(* Let $A$ be a ring and $b,s,t\in A$. (a) If $t\in\bigcap_{i\ge0}(bA+s^iA)$, then $W(b,s,t)=\bigcap_{i\ge0}(bA+s^iA)$. (b) If $bA+sA+tA=A$, or if $b,s,t$ is an $A$-regular sequence, then $W(b,s,t)=\bigcap_{i\ge0}(bA+sA)^i$.
   Context: For elements $b,s,t$ of a ring $A$, define ideals $W_i,J_i$ ($i\ge0$) by $W_0=A$, $J_0=(W_0:t)=A$, and for $i\ge1$: $W_i=bJ_{i-1}+s^iA$ and $J_i=(W_i:t)$, where $(W:t)=\{x\in A: tx\in W\}$. Set $W(b,s,t)=\bigcap_{i\ge0}W_i$. *)

From HB Require Import structures.
From mathcomp Require Import all_boot all_order all_algebra.
Set Implicit Arguments. Unset Strict Implicit. Unset Printing Implicit Defensive.
Import GRing.Theory.
Local Open Scope ring_scope.

(* Ideals of a commutative ring A are represented as predicates A -> Prop. *)

Section IdealDefs.
Variable A : comPzRingType.

Definition ideal2 (a c : A) : A -> Prop :=
  fun x => exists y z : A, x = a * y + c * z.
Definition ideal3 (a c d : A) : A -> Prop :=
  fun x => exists y z w : A, x = a * y + c * z + d * w.

Definition colon (W : A -> Prop) (t : A) : A -> Prop := fun x => W (t * x).

Definition idealMul (I J : A -> Prop) : A -> Prop :=
  fun x => exists (n : nat) (f g : 'I_n -> A),
    (forall k, I (f k) /\ J (g k)) /\ x = \sum_(k < n) f k * g k.

Fixpoint idealPow (I : A -> Prop) (i : nat) : A -> Prop :=
  match i with
  | 0 => fun _ => True
  | i'.+1 => idealMul (idealPow I i') I
  end.

Fixpoint Wi (b s t : A) (i : nat) : A -> Prop :=
  match i with
  | 0 => fun _ => True
  | i'.+1 => fun x => exists y z : A,
      colon (Wi b s t i') t y /\ x = b * y + s ^+ i'.+1 * z
  end.

Definition Ji (b s t : A) (i : nat) : A -> Prop := colon (Wi b s t i) t.

Definition Wbst (b s t : A) : A -> Prop := fun x => forall i, Wi b s t i x.

Definition regular_seq3 (b s t : A) : Prop :=
  [/\ (forall x : A, b * x = 0 -> x = 0),
      (forall x : A, ideal2 b 0 (s * x) -> ideal2 b 0 x),
      (forall x : A, ideal2 b s (t * x) -> ideal2 b s x)
    & ~ ideal3 b s t 1].
End IdealDefs.

From mathcomp Require Import all_boot all_order all_algebra ring.
Local Open Scope ring_scope.
Import GRing.Theory.
Set Implicit Arguments. Unset Strict Implicit.

(* Let Q_0 = A and Q_{i+1} = b Q_i + s^{i+1} A; expanding products shows
   Q_i = (bA + sA)^i.  If every Q_i is t-saturated, i.e. (Q_i : t) = Q_i, then
   the recursions defining W_i and Q_i coincide and W_i = Q_i.  Saturation holds
   when bA + sA + tA = A, because then Q_i + tA = A for all i; and it holds for
   a regular sequence b, s, t by induction on i, using that t is regular modulo
   bA + s^n A and s is regular modulo bA.  In case (a) the same induction gives
   W_i = bA + s^i A directly, since t lies in that ideal and so J_i = A. *)

Section PowersOfBS.
Variables (A : comPzRingType) (b s : A).

Fixpoint Qi (i : nat) : A -> Prop :=
  match i with
  | 0 => fun _ => True
  | i'.+1 => fun x => exists u v, Qi i' u /\ x = b * u + s ^+ i'.+1 * v
  end.

Lemma Qi0 i : Qi i 0.
Proof.
elim: i => [|i IH] //=; exists 0, 0; split=> //; ring.
Qed.

Lemma QiD i x y : Qi i x -> Qi i y -> Qi i (x + y).
Proof.
elim: i x y => [|i IH] x y //= [u1 [v1 [Qu1 ->]]] [u2 [v2 [Qu2 ->]]].
exists (u1 + u2), (v1 + v2); split; [exact: IH | ring].
Qed.

Lemma QiMr i x c : Qi i x -> Qi i (x * c).
Proof.
elim: i x => [|i IH] x //= [u [v [Qu ->]]].
exists (u * c), (v * c); split; [exact: IH | ring].
Qed.

Lemma QiMl i c x : Qi i x -> Qi i (c * x).
Proof. by rewrite mulrC; apply: QiMr. Qed.

Lemma Qi_sum i n (f : 'I_n -> A) :
  (forall k, Qi i (f k)) -> Qi i (\sum_(k < n) f k).
Proof. by move=> Qf; elim/big_ind: _ => //; [exact: Qi0 | exact: QiD]. Qed.

Lemma Qi_exps i v : Qi i (s ^+ i * v).
Proof. case: i => [|i] //=; exists 0, v; split; [exact: Qi0 | ring]. Qed.

Lemma QiS_mulb i x : Qi i x -> Qi i.+1 (b * x).
Proof. by move=> Qx; exists x, 0; split=> //; ring. Qed.

Lemma QiS_muls i x : Qi i x -> Qi i.+1 (s * x).
Proof.
elim: i x => [|i IH] x /= => [_ | [u [v [Qu ->]]]].
  by exists 0, x; split=> //; rewrite expr1; ring.
exists (s * u), v; split; first exact: IH.
rewrite [s ^+ i.+2]exprS; ring.
Qed.

Lemma QiS_mul_bs i x y z : Qi i x -> Qi i.+1 (x * (b * y + s * z)).
Proof.
move=> Qx; rewrite mulrDr.
by apply: QiD; rewrite mulrCA; [apply: QiS_mulb | apply: QiS_muls]; apply: QiMr.
Qed.

Lemma QiS_ideal2 i x : Qi i.+1 x -> ideal2 b (s ^+ i.+1) x.
Proof. by move=> [u [v [_ ->]]]; exists u, v. Qed.

Lemma idealPow_exps i v : idealPow (ideal2 b s) i (s ^+ i * v).
Proof.
elim: i v => [|i IH] v //=.
exists 1%N, (fun _ => s ^+ i * v), (fun _ => s); split.
  by move=> _; split; [exact: IH | exists 0, 1; ring].
by rewrite big_ord1 exprS; ring.
Qed.

Lemma Qi_idealPow i x : Qi i x <-> idealPow (ideal2 b s) i x.
Proof.
elim: i x => [|i IH] x //=; split.
  move=> [u [v [Qu ->]]].
  exists 2%N, (fun k => if val k == 0%N then u else s ^+ i * v),
              (fun k => if val k == 0%N then b else s); split.
    move=> k; case: ifP => _; split.
    - exact/IH.
    - by exists 1, 0; ring.
    - exact: idealPow_exps.
    - by exists 0, 1; ring.
  by rewrite big_ord_recr big_ord1 /= exprS; ring.
move=> [n [f [g [fg ->]]]]; apply: (@Qi_sum i.+1) => k.
by have [/IH Qf [y [z ->]]] := fg k; apply: QiS_mul_bs.
Qed.

End PowersOfBS.

Section Colon.
Variables (A : comPzRingType) (b s t : A).

Lemma Wi_Qi (Qi_sat : forall i x, Qi b s i (t * x) -> Qi b s i x) i x :
  Wi b s t i x <-> Qi b s i x.
Proof.
elim: i x => [|i IH] x //=; split=> -[y [z [Jy ->]]]; exists y, z; split=> //.
  exact/Qi_sat/IH.
exact/IH/QiMl.
Qed.

Lemma Wi_ideal2_exps (t_in : forall i, ideal2 b (s ^+ i) t) i x :
  Wi b s t i x <-> ideal2 b (s ^+ i) x.
Proof.
elim: i x => [|i IH] x /=.
  by split=> // _; exists 0, x; rewrite expr0; ring.
split=> [[y [z [_ ->]]] | [y [z ->]]]; exists y, z; split=> //.
apply/IH; have [y0 [z0 ->]] := t_in i.
by exists (y0 * y), (z0 * y); ring.
Qed.

Section Comaximal.
Hypothesis bst_comax : ideal3 b s t 1.

Lemma Qi_comax i : exists e w, Qi b s i e /\ 1 = e + t * w.
Proof.
elim: i => [|i [e [w [Qe e_w]]]]; first by exists 1, 0; split=> //; ring.
have [y [z [w0 yzw0]]] := bst_comax.
exists (e * (b * y + s * z)), (e * w0 + w * (b * y + s * z + t * w0)).
split; first exact: QiS_mul_bs.
by rewrite -[LHS]mulr1 {1}e_w {1}yzw0; ring.
Qed.

Lemma Qi_colon_comax i x : Qi b s i (t * x) -> Qi b s i x.
Proof.
move=> Qtx; have [e [w [Qe e_w]]] := Qi_comax i.
have -> : x = e * x + t * x * w by rewrite -[LHS]mul1r e_w; ring.
by apply: QiD; apply: QiMr.
Qed.

End Comaximal.

Section Regular.
Hypothesis b_reg : forall x : A, b * x = 0 -> x = 0.
Hypothesis s_reg : forall x : A, ideal2 b 0 (s * x) -> ideal2 b 0 x.
Hypothesis t_reg : forall x : A, ideal2 b s (t * x) -> ideal2 b s x.

Lemma exps_regular_mod_b n y : ideal2 b 0 (s ^+ n * y) -> ideal2 b 0 y.
Proof.
elim: n y => [|n IH] y; first by rewrite expr0 mul1r.
by rewrite exprSr -mulrA => /IH /s_reg.
Qed.

Lemma t_regular_mod_b_exps n y :
  ideal2 b (s ^+ n) (t * y) -> ideal2 b (s ^+ n) y.
Proof.
elim: n y => [|n IH] y; first by move=> _; exists 0, y; rewrite expr0; ring.
move=> [u [v tyE]].
have [p [q yE]] : ideal2 b (s ^+ n) y.
  by apply: IH; exists u, (s * v); rewrite tyE exprS; ring.
have [r [r' rE]] : ideal2 b 0 (t * q - s * v).
  apply: (@exps_regular_mod_b n); exists (u - t * p), 0.
  have -> : s ^+ n * (t * q - s * v)
            = t * (b * p + s ^+ n * q) - s ^+ n.+1 * v - b * (t * p).
    by rewrite exprSr; ring.
  by rewrite -yE tyE; ring.
have [p' [q' qE]] : ideal2 b s q.
  by apply: t_reg; exists r, v; rewrite -[t * q](subrK (s * v)) rE; ring.
by exists (p + s ^+ n * p'), q'; rewrite yE qE exprSr; ring.
Qed.

Lemma Qi_colon_regular i x : Qi b s i (t * x) -> Qi b s i x.
Proof.
elim: i x => [|i IH] x // Qtx.
have [p [q xE]] := t_regular_mod_b_exps (QiS_ideal2 Qtx).
have [u [v [Qu txE]]] := Qtx.
have [r [r' rE]] : ideal2 b 0 (v - t * q).
  apply: (@exps_regular_mod_b i.+1); exists (t * p - u), 0.
  have -> : s ^+ i.+1 * (v - t * q)
            = b * u + s ^+ i.+1 * v - t * (b * p + s ^+ i.+1 * q) + b * (t * p - u).
    by ring.
  by rewrite -txE -xE subrr; ring.
have tpE : t * p = u + s ^+ i.+1 * r.
  apply/eqP; rewrite -subr_eq0; apply/eqP/b_reg.
  have -> : b * (t * p - (u + s ^+ i.+1 * r))
            = t * (b * p + s ^+ i.+1 * q)
              - (b * u + s ^+ i.+1 * (b * r + 0 * r' + t * q)).
    by ring.
  by rewrite -rE subrK -xE -txE subrr.
exists p, q; split=> //; apply: IH.
by rewrite tpE; apply: QiD => //; rewrite exprS -mulrA; apply/QiMl/Qi_exps.
Qed.

End Regular.
End Colon.

Theorem lemma3p4 (A : comPzRingType) (b s t : A) :
  ((forall i : nat, ideal2 b (s ^+ i) t) ->
     forall x : A, Wbst b s t x <-> (forall i : nat, ideal2 b (s ^+ i) x)) /\
  ((forall x : A, ideal3 b s t x) \/ regular_seq3 b s t ->
     forall x : A, Wbst b s t x <-> (forall i : nat, idealPow (ideal2 b s) i x)).
Proof.
split=> [t_in x | bst x].
  by split=> Wx i; apply/(Wi_ideal2_exps t_in).
have Qi_sat i y : Qi b s i (t * y) -> Qi b s i y.
  case: bst => [comax | [b_reg s_reg t_reg _]].
    exact: (Qi_colon_comax (comax 1)).
  exact: Qi_colon_regular.
by split=> Wx i;
  [apply/Qi_idealPow/(Wi_Qi Qi_sat) | apply/(Wi_Qi Qi_sat)/Qi_idealPow].
Qed.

○ ○ ○ ○

Task goal: Where the line containing "by rewrite tpE;" appears in the records above, begin there and print every line through the last, exactly and with nothing else.

Task solution:
by rewrite tpE; apply: QiD => //; rewrite exprS -mulrA; apply/QiMl/Qi_exps.
Qed.

End Regular.
End Colon.

Theorem lemma3p4 (A : comPzRingType) (b s t : A) :
  ((forall i : nat, ideal2 b (s ^+ i) t) ->
     forall x : A, Wbst b s t x <-> (forall i : nat, ideal2 b (s ^+ i) x)) /\
  ((forall x : A, ideal3 b s t x) \/ regular_seq3 b s t ->
     forall x : A, Wbst b s t x <-> (forall i : nat, idealPow (ideal2 b s) i x)).
Proof.
split=> [t_in x | bst x].
  by split=> Wx i; apply/(Wi_ideal2_exps t_in).
have Qi_sat i y : Qi b s i (t * y) -> Qi b s i y.
  case: bst => [comax | [b_reg s_reg t_reg _]].
    exact: (Qi_colon_comax (comax 1)).
  exact: Qi_colon_regular.
by split=> Wx i;
  [apply/Qi_idealPow/(Wi_Qi Qi_sat) | apply/(Wi_Qi Qi_sat)/Qi_idealPow].
Qed.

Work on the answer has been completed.